Lemma code_length_sub_PWS_length_le :
  code_length (PS (alpha_thm R N) (eps_thm R) p) xs - PWS_length n b q xs <=
  \sum_(i < n) (potential (seg_start b i) (q i) - potential (seg_start b i.+1) (q i)) + S.
Proof.
have by_segments := sum_by_segments b_size b_sorted b_first b_last.
have := sum_gamma_le R N2 T; rewrite (by_segments _ (fun t => N%:R * gamma R N t.+1)).
rewrite (code_length_forecast N2 p_distr p_ge T_gt0) by_segments /PWS_length -sumrB.
suff seg (i : 'I_n) :
    \sum_(t < T | (nth 0 b i <= t.+1 < nth 0 b i.+1)%N) - ln (forecast p xs t (tnth xs t))
    - \sum_(t < T | (nth 0 b i <= t.+1 < nth 0 b i.+1)%N) ln (1 / q i (tnth xs t))
    <= potential (seg_start b i) (q i) - potential (seg_start b i.+1) (q i)
       + \sum_(t < T | (nth 0 b i <= t.+1 < nth 0 b i.+1)%N) N%:R * gamma R N t.+1.
  move=> gam; apply: le_trans (ler_sum _ (fun i _ => seg i)) _; rewrite big_split /=; lra.
have iN := ltnW (ltn_ord i).
have mono := seg_start_mono b_size b_sorted.
have ends : (seg_start b i <= seg_start b i.+1 <= T)%N.
  by rewrite -(seg_start_last b_last) !mono // ?leqnSn ?leqnn ltn_ord.
have in_seg (t : 'I_T) := in_segmentE b_size b_sorted b_first t iN.
rewrite -sumrB !(eq_bigl _ _ in_seg).
rewrite (eq_bigr (fun t : 'I_T => ln (q i (tnth xs t)) - ln (forecast p xs t (tnth xs t)))).
  apply: (regret_on_range N2 p_distr p_ge T_gt0 ends (q_distr (ltn_ord i))).
  by move=> t; rewrite -in_seg; apply: q_pos.
move=> t; rewrite -in_seg => /q_pos qt.
by rewrite div1r lnV ?posrE // opprK addrC.
Qed.

Lemma potential_segments_le :
  \sum_(i < n) (potential (seg_start b i) (q i) - potential (seg_start b i.+1) (q i))
  <= L * K + N%:R * ln (2 * N%:R) + ln T.+1%:R
     + L / 2 * K * \sum_(i < n.-1) l1dist (q i.+1) (q i).
Proof.
have n0 : (0 < n)%N.
  by rewrite lt0n; apply/eqP => n_eq0; move: b_last; rewrite n_eq0 b_first; case; lia.
rewrite (sumr_telescope_switch (fun j i => potential (seg_start b j) (q i))) //=.
rewrite (seg_start_first b_first) (seg_start_last b_last).
have first_le := potential0_le N2 p_distr p_ge T_gt0 xs (q_distr n0).
have q_last : is_distr (q n.-1) by apply: q_distr; rewrite ltn_predL.
have last_ge := potentialT_ge N2 p_distr p_ge T_gt0 xs q_last.
have switches : \sum_(i < n.-1)
    (potential (seg_start b i.+1) (q i.+1) - potential (seg_start b i.+1) (q i))
    <= L / 2 * K * \sum_(i < n.-1) l1dist (q i.+1) (q i).
  rewrite mulr_sumr; apply: ler_sum => i _.
  have i1 : (i.+1 < n)%N by rewrite -ltn_predRL.
  apply: (potential_switch N2 p_distr p_ge T_gt0 xs _ (q_distr (ltnW i1)) (q_distr i1)).
  by rewrite -(seg_start_last b_last) (seg_start_mono b_size b_sorted) // leqnn ltnW.
lra.
Qed.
• • • • •
Each line above where the word "sumrB" occurs should be copied out.

rewrite (code_length_forecast N2 p_distr p_ge T_gt0) by_segments /PWS_length -sumrB.
rewrite -sumrB !(eq_bigl _ _ in_seg).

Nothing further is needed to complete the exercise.